1) **Optimize the resulting images**:

a) Run [pngquant](https://github.com/kornelski/pngquant). It does high-quality lossy compression (40-70%) on the PNG
images by optimizing the color palette:
```shell
pngquant -fv --ext=.png --skip-if-larger --speed=1 --quality=95-100 *.png
```

b) (Optional) Run [oxipng](https://github.com/shssoichiro/oxipng). It does additional lossless compression (3-5%) on
the PNG images produced by pngquant:
```shell
oxipng --dir . --strip safe --interlace 0 -o 4 *.png
```

2) **Build a PDF**

This command will merge all the pages into a PDF, add metadata (book title, date, authors, etc.), and a table
of contents.

Run the following command (replace `[BOOK_ID]` with the ID of the book):

```shell
poetry run play-book-pdf-build books/[BOOK_ID]
```

3) **OCR and optimize the PDF** using Adobe Acrobat Pro:

a) Open the PDF.

b) **[Menu]** `Tools` → `Scan` → `OCR`.

c) **[Scan & OCR toolbar]** → `Settings`:
- Tick `All pages`.
- Set `Document Language` to the correct one (e.g. English).
- Set `Output` to `Searchable Image (Exact)` (**important!**).
- Press `OK`.

d) **[Scan & OCR toolbar]** → `Recognize Text`.

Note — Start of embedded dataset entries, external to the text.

Definition counter_edge (lam : VX -> enat) (x y : CVert lam) : Prop :=
  EX E F x.1 y.1 /\
  forall i : Pi,
    let c := cval (x.2 i) in let c' := cval (y.2 i) in
    [\/ i \in y.1.2 /\ c' = Some 0,
        [/\ i \notin y.1.2, ownX own y.1 != i, egt1 c & c' = esub1 c]
      | [/\ i \notin y.1.2, ownX own y.1 == i, egt1 c & c' = emin (esub1 c) (lam y.1)]].

Definition csize (lam : VX -> enat) : nat := #|{: CVert lam}|.
End Counter.

(* The size formula is a cardinality count; the content is a bound on the
   largest finite label of λ^*. A finite label 1 + c at a vertex u of X is the
   cost c of a worst-case λ-consistent play from a successor of u. Along such
   a play the set I of reached targets must grow at least every |V| + 2W
   steps, W bounding the labels at vertices whose set contains the current
   one: otherwise a vertex repeats in a stretch where no consistency obligation
   is pending, and running that cycle once more gives a longer consistent
   play. So c <= |Π|(|V| + 2W). Labels only decrease along the sequence (λ^k),
   so the potential (|Π| - |I|)(|V| + 1) + #{v | λ^k(v, I) finite} never
   decreases, grows when a new finite label appears at some (v, I), and is
   smaller for larger I. Induction on it bounds every finite label by
   (1 + |Π||V|)(2|Π| + 2)^potential, and the potential is at most
   (|Π| + 1)(|V| + 1). *)
From Pilot Require Import Defs.
From HB Require Import structures.
From mathcomp Require Import all_boot zify.
From Stdlib Require Import ClassicalEpsilon.
Set Implicit Arguments. Unset Strict Implicit. Unset Printing Implicit Defensive.
Lemma hom_form_monomial' D i j : (i + j = D)%nat -> hom_form D (fun s c => s ^ i * c ^ j).
Proof. intros <-. constructor. Qed.

Lemma hom_form_mul_norm2 D F :
  hom_form D F -> hom_form (D + 2) (fun s c => F s c * (s ^ 2 + c ^ 2)).
Proof.
  induction 1 as [i j | D F G _ IHF _ IHG | D k F _ IH | D F G _ IH HFG].
  - eapply hom_form_ext.
    + apply hom_form_add;
        [apply (hom_form_monomial' _ (i + 2) j) | apply (hom_form_monomial' _ i (j + 2))]; lia.
    + intros s c. cbv beta. rewrite !pow_add. ring.
  - eapply hom_form_ext; [apply (hom_form_add _ _ _ IHF IHG)|]. intros s c. cbv beta. ring.
  - eapply hom_form_ext; [apply (hom_form_scal _ k _ IH)|]. intros s c. cbv beta. ring.
  - eapply hom_form_ext; [apply IH|]. intros s c. cbv beta. now rewrite HFG.
Qed.

Lemma hom_form_opp D F : hom_form D F -> forall s c, F (- s) (- c) = (-1) ^ D * F s c.
Proof.
  induction 1 as [i j | D F G _ IHF _ IHG | D k F _ IH | D F G _ IH HFG]; intros s c.
  - replace (- s) with (-1 * s) by ring. replace (- c) with (-1 * c) by ring.
    rewrite !Rpow_mult_distr, pow_add. ring.
  - rewrite IHF, IHG. ring.
  - rewrite IH. ring.
  - rewrite <- !HFG. apply IH.
Qed.

Definition half_int_shape (D : nat) (G : R -> R) : Prop :=
  if Nat.even D then exists kappa, forall t, G t = kappa
  else exists F, hom_form D F /\ forall t, G t = 2 * F (sin t) (cos t).

(* Both reduction formulas [trig_int_reduce_sin] and [trig_int_reduce_cos] have this form. *)
Lemma half_int_shape_step a b (sgn al be : R) (G G' : R -> R) : be <> 0 ->
  (forall t, al * G t - be * G' t =
     sgn * (sin t ^ (a + 1) * cos t ^ (b + 1) - sin (t - PI) ^ (a + 1) * cos (t - PI) ^ (b + 1))) ->
  half_int_shape (a + b) G -> half_int_shape (a + b + 2) G'.
Proof.
  intros Hbe Hrec.
  assert (Hpar : Nat.even (a + b + 2) = Nat.even (a + b))
    by (replace (a + b + 2)%nat with (S (S (a + b))) by lia; reflexivity).
  setoid_rewrite half_int_jump in Hrec.
  replace (a + 1 + (b + 1))%nat with (a + b + 2)%nat in Hrec by lia.
  unfold half_int_shape. rewrite Hpar in Hrec |- *.
  destruct (Nat.even (a + b)).
  - intros [kappa Hk]. exists (al * kappa / be). intros t.
    specialize (Hrec t). rewrite Hk in Hrec. field_simplify_eq; [nra | assumption].
  - intros (F & HF & HG).
    exists (fun s c =>
      / be * (al * (F s c * (s ^ 2 + c ^ 2)) + (- sgn) * (s ^ (a + 1) * c ^ (b + 1)))).
    split.
    + apply hom_form_scal, hom_form_add; apply hom_form_scal;
        [apply hom_form_mul_norm2, HF | apply hom_form_monomial'; lia].
    + intros t. specialize (Hrec t). rewrite HG in Hrec. rewrite sin_cos_sq_sum.
      field_simplify_eq; [nra | assumption].
Qed.

Lemma half_int_shape_base a b : (a <= 1)%nat -> (b <= 1)%nat ->
  half_int_shape (a + b) (half_int a b).
Proof.
  intros Ha Hb. unfold half_int_shape.
  destruct a as [|[|]], b as [|[|]]; try lia; simpl Nat.even; cbv iota.
  - exists PI. apply half_int_zero_zero.
  - exists (fun s c => s ^ 1 * c ^ 0). split; [apply (hom_form_monomial 1 0)|].
    intros t. unfold half_int. pose proof (trig_int_parts 1 0 (t - PI) t) as Hparts.
    rewrite sin_cos_pow_minus_PI in Hparts. simpl in *. lra.
  - exists (fun s c => -1 * (s ^ 0 * c ^ 1)).
    split; [apply hom_form_scal, (hom_form_monomial 0 1)|].
    intros t. unfold half_int. pose proof (trig_int_parts 0 1 (t - PI) t) as Hparts.
    rewrite sin_cos_pow_minus_PI in Hparts. simpl in *. lra.
  - exists 0. intros t. unfold half_int. pose proof (trig_int_parts 2 0 (t - PI) t) as Hparts.
    rewrite sin_cos_pow_minus_PI in Hparts. simpl in *. lra.
Qed.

e) **[Menu]** `File` → `Save as Other` → `Optimized PDF…`.

- Untick everything, except section **[Cleanup]**.
- Section **[Cleanup]**
- Tick `Optimize the PDF for fast web view` and untick everything else. This option makes Adobe Acrobat
reorganize the structure of the PDF to be linear. This enables PDF viewers to quickly display the PDF while
it's still downloading in the background.
- Set `Object compression options` to `Leave compression unchanged`.
- Click on OK.

# Usage (EPUB download)

There is an *extremely experimental* EPUB downloader in the project as well. For now it just downloads all the pages of a given book in the HTML format and embeds all the resources (images, fonts, etc.) directly in the HTML files as base64. EPUB is not reconstructed yet.

No support yet as it's experimental! Please don't open issues on GitHub regarding the EPUB downloader.

- First run the PDF download for the book (**mandatory**). See the section above on how to do that.

- Open `google-play-book-downloader-epub.py` and edit the following constants:
- `BOOK_ID`: the ID of the book. You can find it in the URL to the book page. Example: `BwCMEAAAQBAJ`
- `headers`/`cookies`: the headers and cookies that are necessary to send requests on your behalf. Here is how to get
them:
1) Go to https://play.google.com/books and log in.
2) Open dev console, network tab.
3) Click on a random link in the page.
4) Right-click on the corresponding request in the dev console and then `Copy as cURL`.
5) Go to https://curlconverter.com/python/ and paste your clipboard in the input box.
6) From the Python code that was generated just copy the `cookies` and `headers` variables and replace them in `google-play-downloader-epub.py`.

- Run the script from the repository folder:

```shell
poetry run python google-play-book-downloader-epub.py
```

You will find the downloaded book pages as HTML in the `books/[BOOK_ID]/segments` folder. The output is very crude and EPUBs are not reconstructed.